▶ [Exercise] Write out, exactly as they stand, the line containing "q -> f q <= V q." and all subsequent lines up to and including the final line of the records.

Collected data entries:
Lemma mix_prob_setT : mix_prob ab1 mu1 mu2 setT = 1%E.
Proof.
by rewrite /mix_prob measure_addE/= /mscale/= !probability_setT !mule1 -EFinD ab1.
Qed.

HB.instance Definition _ :=
  Measure_isProbability.Build _ _ _ (mix_prob ab1 mu1 mu2) mix_prob_setT.

Lemma mix_probE (A : set T) :
  mix_prob ab1 mu1 mu2 A = (a%:num%:E * mu1 A + b%:num%:E * mu2 A)%E.
Proof. by rewrite /mix_prob measure_addE. Qed.

Lemma integral_mix_prob {D : set T} {f : T -> R} (C : R) :
  measurable D -> measurable_fun D f -> (forall x, D x -> `|f x| <= C) ->
  (\int[mix_prob ab1 mu1 mu2]_(x in D) (f x)%:E =
   a%:num%:E * \int[mu1]_(x in D) (f x)%:E + b%:num%:E * \int[mu2]_(x in D) (f x)%:E)%E.
Proof.
move=> mD mf fC.
have scale_int (k : {nonneg R}) (mu : probability T R) :
    (mscale k mu).-integrable D (EFin \o f).
  have kmuD : (mscale k mu D < +oo)%E.
    by apply: lte_mul_pinfty => //; rewrite -ge0_fin_numE ?probability_fin_num.
  exact: bounded_integrable mD kmuD mf fC.
rewrite [LHS](integral_measure_add mD (scale_int a mu1) (scale_int b mu2)).
by rewrite !(integral_mscale_bounded _ _ mD mf fC).
Qed.

End MixProb.

Section BorelSimplex.
Context {Omega : finType} {R : realType}.
Local Notation BO := (BorelRO Omega R).

Lemma measurable_coord {D : set BO} (w : Omega) :
  measurable D -> measurable_fun D (fun q : BO => q w).
Proof.
move=> mD; apply: (measurability _ (RGenOpens.measurableE R)).
move=> _ [_ [x [y ->]] <-]; apply: measurableI => //; apply: sub_sigma_algebra.
have coord_cont : continuous (@proj Omega (fun _ => R) w : RO Omega R -> R).
  exact: proj_continuous.
exact: (continuousP _).1 coord_cont `]x, y[%classic (interval_open _ _).
Qed.

Lemma measurable_simplex : measurable (simplex : set BO).
Proof.
have sum_mfun : measurable_fun setT (fun q : BO => \sum_w q w).
  by apply: measurable_sum => w; exact: measurable_coord w measurableT.
have -> : (simplex : set BO) =
    (\bigcap_(w in setT) (setT `&` (fun q : BO => q w) @^-1` `[0, +oo[%classic))
    `&` (setT `&` (fun q : BO => \sum_w q w) @^-1` `[1, 1]%classic).
  apply/seteqP; split => q /=.
    case=> q0 q1; split; first by move=> w _; split => //=; rewrite in_itv /= andbT q0.
    by split => //=; rewrite in_itv /= q1 lexx.
  case=> q0 [_ /=]; rewrite in_itv /= => /andP[q1 q1'].
  split; last by apply/eqP; rewrite eq_le q1' q1.
  by move=> w; have [_ /=] := q0 w I; rewrite in_itv /= andbT.
apply: measurableI; last exact: sum_mfun (measurable_itv _).
apply: fin_bigcap_measurable => [|w _]; first exact: finite_finset.
by apply: (measurable_coord w measurableT) => //; exact: measurable_itv.
Qed.

Lemma measurable_Iset_simplex (r : Omega -> R) :
  measurable ((Iset r `&` simplex) : set BO).
Proof.
have reward_mfun : measurable_fun (simplex : set BO) (fun q : BO => \sum_w q w * r w).
  apply: measurable_sum => w; apply: measurable_funM; last exact: measurable_cst.
  exact: measurable_coord w measurable_simplex.
rewrite setIC; have := reward_mfun measurable_simplex _ (measurable_itv `[0, +oo[).
congr measurable; apply/seteqP; split => q /=.
  by case=> sq Iq; split => //; rewrite /Iset /inI /= in_itv /= andbT in Iq *.
by case=> sq; rewrite in_itv /= andbT => Iq; split.
Qed.

End BorelSimplex.

Section Simplex.
Context {Omega : finType} {R : realType}.
Implicit Types (q x y : Omega -> R) (M : Omega -> Omega -> R).

Lemma simplex_coord_bound q w : simplex q -> 0 <= q w <= 1.
Proof.
move=> [q0 q1]; rewrite q0 -q1 (bigD1 w) //= lerDl.
exact: sumr_ge0.
Qed.

Lemma simplex_combo x y a b : simplex x -> simplex y -> 0 <= a -> 0 <= b ->
  a + b = 1 -> simplex (combo a x b y).
Proof.
move=> [x0 x1] [y0 y1] a0 b0 ab1; split=> [w|].
  by rewrite /combo addr_ge0 ?mulr_ge0.
by rewrite /combo big_split -!mulr_sumr x1 y1 !mulr1.
Qed.

Lemma simplex_segment {x y t} : simplex x -> simplex y -> 0 <= t <= 1 ->
  simplex (combo t x (1 - t) y).
Proof.
move=> sx sy /andP[t0 t1].
by apply: simplex_combo; rewrite ?subr_ge0 // addrC subrK.
Qed.

Lemma simplex_phi M q : stochastic M -> simplex q -> simplex (phi M q).
Proof.
move=> [M0 M1] [q0 q1]; split=> [w|].
  by apply: sumr_ge0 => i _; rewrite mulr_ge0.
rewrite /phi exchange_big -q1; apply: eq_bigr => i _.
by rewrite -mulr_sumr M1 mulr1.
Qed.

Lemma combo_segment x y s u l :
  combo l (combo s x (1 - s) y) (1 - l) (combo u x (1 - u) y) =
  combo (l * s + (1 - l) * u) x (1 - (l * s + (1 - l) * u)) y.
Proof. by apply/funext => w; rewrite /combo; ring. Qed.

Lemma combo_segment1 x y : combo 1 x (1 - 1) y = x.
Proof. by apply/funext => w; rewrite /combo subrr mul1r mul0r addr0. Qed.

Lemma combo_segment0 x y : combo 0 x (1 - 0) y = y.
Proof. by apply/funext => w; rewrite /combo subr0 mul1r mul0r add0r. Qed.

End Simplex.

Section Payoff.
Context {Omega : finType} {R : realType}.
Local Notation BO := (BorelRO Omega R).
Context {M : Omega -> Omega -> R} {r : Omega -> R} {delta : R}
  {V : (Omega -> R) -> R} {C : R}.
Hypothesis V_phi_mfun : measurable_fun (simplex : set BO) (fun q => V (phi M q)).
Hypothesis V_phi_bounded : forall q, simplex q -> `|V (phi M q)| <= C.

Lemma Sp_dirac {q : BO} : simplex q -> Sp q (\d_q).
Proof.
move=> sq; split=> [|w]; first by rewrite /= diracE mem_set.
have coord_mfun := measurable_coord w measurable_simplex.
rewrite integral_dirac //; last exact/measurable_EFinP.
2: exact: measurable_simplex.
by rewrite diracE mem_set // mul1e.
Qed.

Lemma payoff_dirac {q : BO} : simplex q ->
  payoff M r delta V \d_q = (point_value M r delta V q)%:E.
Proof.
move=> sq; rewrite /payoff /= integral_dirac //; last exact/measurable_EFinP.
2: exact: measurable_simplex.
rewrite !diracE (mem_set sq) mul1e /point_value.
have -> : (q \in Iset r `&` simplex) = inI r q.
  by apply/idP/idP => [/set_mem [] //|Iq]; apply: mem_set.
by rewrite -!EFinM -EFinD.
Qed.

Lemma Sp_mix_prob {a b : {nonneg R}} (ab1 : a%:num + b%:num = 1) {x y : Omega -> R}
  {mu1 mu2 : probability BO R} :
  Sp x mu1 -> Sp y mu2 -> Sp (combo a%:num x b%:num y) (mix_prob ab1 mu1 mu2).
Proof.
move=> [S1 E1] [S2 E2]; split=> [|w].
  by rewrite /= mix_probE S1 S2 !mule1 -EFinD ab1.
rewrite (integral_mix_prob ab1 mu1 mu2 1 measurable_simplex).
- by rewrite E1 E2 -!EFinM -EFinD.
- exact: measurable_coord w measurable_simplex.
- by move=> q /(simplex_coord_bound _ w) /andP[q0 q1]; rewrite ger0_norm.
Qed.

Lemma payoff_mix_prob {a b : {nonneg R}} (ab1 : a%:num + b%:num = 1)
  (mu1 mu2 : probability BO R) :
  payoff M r delta V (mix_prob ab1 mu1 mu2) =
  (a%:num%:E * payoff M r delta V mu1 + b%:num%:E * payoff M r delta V mu2)%E.
Proof.
rewrite /payoff /= mix_probE.
rewrite (integral_mix_prob ab1 mu1 mu2 C measurable_simplex V_phi_mfun V_phi_bounded).
have fin_I (mu : probability BO R) :=
  probability_fin_num mu (measurable_Iset_simplex r).
have fin_V (mu : probability BO R) :=
  bounded_integral_fin_num mu measurable_simplex V_phi_mfun V_phi_bounded.
rewrite -(fineK (fin_I mu1)) -(fineK (fin_I mu2)).
rewrite -(fineK (fin_V mu1)) -(fineK (fin_V mu2)).
by rewrite -!EFinM -!EFinD; congr EFin; ring.
Qed.

End Payoff.

(** * Consequences of the dynamic programming equation *)

Section DynamicProgramming.
Context {Omega : finType} {R : realType}.
Local Notation BO := (BorelRO Omega R).
Context {M : Omega -> Omega -> R} {r : Omega -> R} {delta : R}
  {V : (Omega -> R) -> R} {C : R}.
Hypothesis M_stochastic : stochastic M.
Hypothesis V_DP : DP_solution M r delta V.
Hypothesis V_phi_mfun : measurable_fun (simplex : set BO) (fun q => V (phi M q)).
Hypothesis V_bounded : forall q, simplex q -> `|V q| <= C.

Let V_phi_bounded q : simplex q -> `|V (phi M q)| <= C.
Proof. by move=> sq; apply/V_bounded/simplex_phi. Qed.

Local Notation f := (point_value M r delta V).

Lemma point_value_le {q} : simplex q -> f q <= V q.
Proof.
move=> sq; have [le_V _] := V_DP q sq.
by have := le_V _ (Sp_dirac sq); rewrite (payoff_dirac V_phi_mfun sq) lee_fin.
Qed.

(* Mixing two measures with means [x] and [y] is a candidate at the mixed mean. *)
Lemma mix_payoff_le {x y mu1 mu2 u v t} : simplex x -> simplex y -> 0 <= t <= 1 ->
  Sp x mu1 -> Sp y mu2 ->
  payoff M r delta V mu1 = u%:E -> payoff M r delta V mu2 = v%:E ->
  t * u + (1 - t) * v <= V (combo t x (1 - t) y).
Proof.
move=> sx sy /[dup] t01 /andP[t0 t1] S1 S2 P1 P2.
have t0' : 0 <= 1 - t by rewrite subr_ge0.
have ab1 : (NngNum t0)%:num + (NngNum t0')%:num = 1 by rewrite /= addrC subrK.
have [le_V _] := V_DP _ (simplex_segment sx sy t01).
have := le_V _ (Sp_mix_prob ab1 S1 S2).
by rewrite (payoff_mix_prob V_phi_mfun V_phi_bounded) P1 P2 lee_fin.
Qed.

Lemma value_concave {x y t} : simplex x -> simplex y -> 0 <= t <= 1 ->
  t * V x + (1 - t) * V y <= V (combo t x (1 - t) y).
Proof.
move=> sx sy t01.
have [_ [mu1 [S1 P1]]] := V_DP x sx.
have [_ [mu2 [S2 P2]]] := V_DP y sy.
exact: mix_payoff_le sx sy t01 S1 S2 P1 P2.
Qed.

▶ [Answer to this exercise]
Lemma point_value_le {q} : simplex q -> f q <= V q.
Proof.
move=> sq; have [le_V _] := V_DP q sq.
by have := le_V _ (Sp_dirac sq); rewrite (payoff_dirac V_phi_mfun sq) lee_fin.
Qed.

(* Mixing two measures with means [x] and [y] is a candidate at the mixed mean. *)
Lemma mix_payoff_le {x y mu1 mu2 u v t} : simplex x -> simplex y -> 0 <= t <= 1 ->
  Sp x mu1 -> Sp y mu2 ->
  payoff M r delta V mu1 = u%:E -> payoff M r delta V mu2 = v%:E ->
  t * u + (1 - t) * v <= V (combo t x (1 - t) y).
Proof.
move=> sx sy /[dup] t01 /andP[t0 t1] S1 S2 P1 P2.
have t0' : 0 <= 1 - t by rewrite subr_ge0.
have ab1 : (NngNum t0)%:num + (NngNum t0')%:num = 1 by rewrite /= addrC subrK.
have [le_V _] := V_DP _ (simplex_segment sx sy t01).
have := le_V _ (Sp_mix_prob ab1 S1 S2).
by rewrite (payoff_mix_prob V_phi_mfun V_phi_bounded) P1 P2 lee_fin.
Qed.

Lemma value_concave {x y t} : simplex x -> simplex y -> 0 <= t <= 1 ->
  t * V x + (1 - t) * V y <= V (combo t x (1 - t) y).
Proof.
move=> sx sy t01.
have [_ [mu1 [S1 P1]]] := V_DP x sx.
have [_ [mu2 [S2 P2]]] := V_DP y sy.
exact: mix_payoff_le sx sy t01 S1 S2 P1 P2.
Qed.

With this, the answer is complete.